Kalaris Therapeutics, Inc. (NASDAQ:KLRS) ("Kalaris"), a clinical-stage biopharmaceutical company dedicated to the development and commercialization of treatments for prevalent retinal diseases, today announced positive additional data from its Phase 1a single ascending dose (SAD) trial of TH103 in neovascular age-related macular degeneration (AMD). Data from the expanded cohorts build on previously reported positive findings from the trial, with additional patients showing improvements in vision and retinal anatomy and further supporting the potential for extended treatment durability after a standard four-dose loading regimen. The updated SAD results will be presented today at 8:00 am EDT by Dr. Joel Pearlman, MD, PhD, at the American Society of Retina Specialists (ASRS) Annual Meeting.
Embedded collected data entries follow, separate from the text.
Lemma Phi_mu_t_OP (R : realType) m (z : nat -> R[i]) (mu : nat -> R) (G : R[i] -> R)
    (g t : R) n :
  (forall p q, (1 <= p <= m)%N -> (1 <= q <= m)%N -> z p = z q -> p = q) ->
  (forall j, (1 <= j <= m)%N -> 0 < mu j) -> (0 < n <= m)%N ->
  is_monic_OP m z (fun j => expR (t * (G (z j) - g)) * mu j) n
    (Phi m z (mu_t m z mu G t) n).
Proof.
move=> z_inj mu_gt0 /andP[n0 nm].
pose Z := \sum_(1 <= r < m.+1) expR (t * G (z r)) * mu r.
have Z0 : 0 < Z.
  by apply: sum_nat_gt0 => [|j jm]; [lia | rewrite mulr_gt0 ?expR_gt0 ?mu_gt0].
have mu_t_gt0 j : (1 <= j <= m)%N -> 0 < mu_t m z mu G t j.
  by move=> jm; rewrite /mu_t divr_gt0 ?mulr_gt0 ?expR_gt0 ?mu_gt0.
apply: (@OP_scale _ _ _ _ (mu_t m z mu G t) (expR (t * g) / Z)).
- by rewrite mulf_neq0 ?invr_eq0 ?gt_eqF ?expR_gt0.
- move=> j; rewrite /mu_t -/Z (_ : t * G (z j) = t * g + t * (G (z j) - g)) ?expRD;
    by ring.
apply/Phi_OP/(@OP_exists _ _ _ _ _ (iota 1 m)) => [j /mu_t_gt0/ltW //|j||].
- by rewrite mem_iota add1n ltnS => jm; split; [|exact: mu_t_gt0].
- by apply: uniq_map_nodes z_inj _ (iota_uniq _ _) => j; rewrite mem_iota add1n ltnS.
- by rewrite size_iota.
Qed.

Lemma prod_Re_sqr_norm (R : rcfType) (z : nat -> R[i]) a y :
  \prod_(1 <= p < a.+1) complex.Re (`|y - z p| ^+ 2) =
  nrm (\prod_(1 <= p < a.+1) ('X - (z p)%:P)).[y] ^+ 2.
Proof.
rewrite horner_prod (big_morph _ (@nrmM _) (nrm1 _)) -prodrXl.
by apply: eq_bigr => p _; rewrite hornerXsubC Re_sqr_norm.
Qed.

Lemma Phi_muK_OP (R : rcfType) m (z : nat -> R[i]) (mu : nat -> R) a b n :
  (forall p q, (1 <= p <= m)%N -> (1 <= q <= m)%N -> z p = z q -> p = q) ->
  (forall j, (a < j <= b)%N -> 0 < mu j) -> (a < b <= m)%N -> (n <= b - a)%N ->
  is_monic_OP m z
    (restr_weight a b
       (fun j => nrm (\prod_(1 <= p < a.+1) ('X - (z p)%:P)).[z j] ^+ 2 * mu j))
    n (Phi m z (muK z mu a b) n).
Proof.
move=> z_inj mu_gt0 /andP[ab bm] nba; set W := restr_weight a b _.
have W_gt0 j : (a < j <= b)%N -> 0 < W j.
  move=> jb; rewrite /W /restr_weight jb mulr_gt0 ?mu_gt0 // exprn_gt0 // nrm_gt0 //.
  rewrite horner_prod prodf_seq_neq0; apply/allP => p; rewrite mem_index_iota => pa /=.
  have jm : (1 <= j <= m)%N by lia.
  have pm : (1 <= p <= m)%N by lia.
  by rewrite hornerXsubC subr_eq0; apply/eqP => /(z_inj _ _ jm pm); lia.
have W_ge0 j : 0 <= W j.
  case: (boolP (a < j <= b)%N) => [/W_gt0/ltW //|jb].
  by rewrite /W /restr_weight (negbTE jb).
have C0 : 0 < \sum_(a.+1 <= r < b.+1) W r by apply: sum_nat_gt0 => // r /W_gt0.
have muKE j : muK z mu a b j = (\sum_(a.+1 <= r < b.+1) W r)^-1 * W j.
  rewrite /muK /W /restr_weight mulrC prod_Re_sqr_norm.
  case: ifP => _; last by rewrite mulr0.
  congr (_^-1 * _); apply: eq_big_nat => r rb.
  by rewrite prod_Re_sqr_norm /W /restr_weight ifT.
apply: (@OP_scale _ _ _ _ (muK z mu a b) _ _ _ (invr_neq0 (lt0r_neq0 C0)) muKE).
apply/Phi_OP/(@OP_exists _ _ _ _ _ (iota a.+1 n)) => [j _|j||].
- by rewrite muKE; apply: mulr_ge0; [rewrite invr_ge0 ltW | exact: W_ge0].
- rewrite mem_iota => jn; have jb : (a < j <= b)%N by lia.
  by split; [lia | rewrite muKE mulr_gt0 ?invr_gt0 ?W_gt0].
- by apply: uniq_map_nodes z_inj _ (iota_uniq _ _) => j; rewrite mem_iota; lia.
- by rewrite size_iota.
Qed.

Theorem theorem3p4 (R : realType) (m : nat) (z : nat -> R[i]) (mu : nat -> R)
    (G : R[i] -> R) (L : nat) (k : nat -> nat) :
  (forall j, (1 <= j <= m)%N -> `|z j| = 1) ->
  (forall p q, (1 <= p <= m)%N -> (1 <= q <= m)%N -> z p = z q -> p = q) ->
  (forall j, (1 <= j <= m)%N -> 0 < mu j) ->
  \sum_(1 <= j < m.+1) mu j = 1 ->
  (forall p q, (1 <= p <= q)%N -> (q <= m)%N -> G (z q) <= G (z p)) ->
  (* K-groups K_i = {k_{i-1}+1, ..., k_i}, 1 <= i <= L *)
  k 0%N = 0%N -> k L = m ->
  (forall i, (i < L)%N -> (k i < k i.+1)%N) ->
  (forall i p q, (1 <= i <= L)%N -> (k i.-1 < p <= k i)%N ->
     (k i.-1 < q <= k i)%N -> G (z p) = G (z q)) ->
  (forall i, (1 <= i < L)%N -> G (z (k i).+1) < G (z (k i))) ->
  forall (i l : nat), (1 <= i <= L)%N -> (k i.-1 < l <= k i)%N ->
  forall c : nat,
    cvg_pinfty (fun t : R => (Phi m z (mu_t m z mu G t) l)`_c)
      ((\prod_(1 <= p < (k i.-1).+1) ('X - (z p)%:P)
         * Phi m z (muK z mu (k i.-1) (k i)) (l - k i.-1)%N)`_c).
Proof.
move=> _ z_inj mu_gt0 _ G_mono k0 kL k_inc G_const G_jump i l iL il c.
have [/andP[ab bm] G_blk G_left G_right] :=
  K_group_levels (g := fun j => G (z j)) G_mono k0 kL k_inc G_const G_jump iL.
move: il ab bm G_blk G_left G_right; set a := k i.-1; set b := k i; set g := G (z b).
move=> /andP[al lb] ab bm G_blk G_left G_right.
apply: vanishing_cvg_pinfty.
apply: (vanishing_ext (OP_block_limit (v := fun t j => expR (t * (G (z j) - g)) * mu j)
  z_inj al lb bm _ _ _ _ _ _ _ c)) => [j jb|t j jm|p M pa|t j jb|j jb|t||t].
- by apply: (mu_gt0 j); lia.
- by rewrite mulr_ge0 ?ltW ?expR_gt0 ?mu_gt0.
- have d0 : 0 < G (z p) - g by rewrite subr_gt0 G_left.
  have mu0 : 0 < mu p by apply: (mu_gt0 p); lia.
  by apply: filterS (near_expR_ge (M / mu p) d0) => t; rewrite ler_pdivrMr.
- by rewrite G_blk // subrr mulr0 expR0 mul1r.
- by apply: vanishing_expR; rewrite subr_lt0 G_right.
- by apply: Phi_mu_t_OP => //; lia.
- by apply: Phi_muK_OP => //; [move=> j jb; apply: (mu_gt0 j); lia | rewrite ab | lia].
- by rewrite coefB.
Qed.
The expanded Phase 1a SAD dataset now includes a total of 17 treatment-naive patients, as well as an additional 3 treatment-experienced patients which were included in the safety cohort. All 20 patients completed six months of follow-up. Consistent with Kalaris’ previously reported findings, the expanded efficacy analysis, which includes the 17 treatment-naïve patients, continued to demonstrate robust structural and functional improvements.

TH103 plasma pharmacokinetic findings continued to suggest greater intraocular retention, with 27- to 53-fold lower Cmax compared to current leading anti-VEGF agents on a molar equivalence basis. Additionally, the time to retreatment results further supported the hypothesis that increased intraocular retention may contribute to prolonged biological activity: following only a single TH103 injection, 41% of treatment-naïve patients (N=17) received a first retreatment at 4 months or later, 35% at 5 months or later, and 29% received no additional anti-VEGF treatment during the entire six-month follow-up period. Separately, after a single TH103 injection, time to retreatment in treatment-experienced patients (N=3) was extended by an average of 2 months compared with prior anti-VEGF treatment intervals.

No cases of intraocular inflammation (IOI) were observed among the six patients treated at the 2.5 mg dose using product manufactured following process adjustments to reduce impurities. As previously reported, one patient treated at the 5 mg dose experienced transient IOI that resolved without sequelae.

"The expanded Phase 1a SAD dataset continues to strengthen our confidence in potential TH103 differentiation," said Andrew Oxtoby, CEO of Kalaris Therapeutics. "The consistency of the structural, functional and pharmacokinetic findings reinforces our belief that TH103 has the potential to offer a best-in-class treatment option for patients with neovascular AMD."

Building on these findings, Kalaris is actively enrolling and dosing patients in its ongoing Phase 1b/2 study aimed at evaluating a standard four-dose loading regimen of TH103 in treatment-naïve patients using an ascending-dose design. The study is designed to evaluate the safety, tolerability, pharmacokinetics and preliminary efficacy of repeated TH103 intravitreal injections as well as time to retreatment following a complete loading course. Study results will inform dose selection for potential future Phase 3 trials of TH103, and Kalaris remains on track to share initial data from the Phase 1b/2 study in the first half of 2027.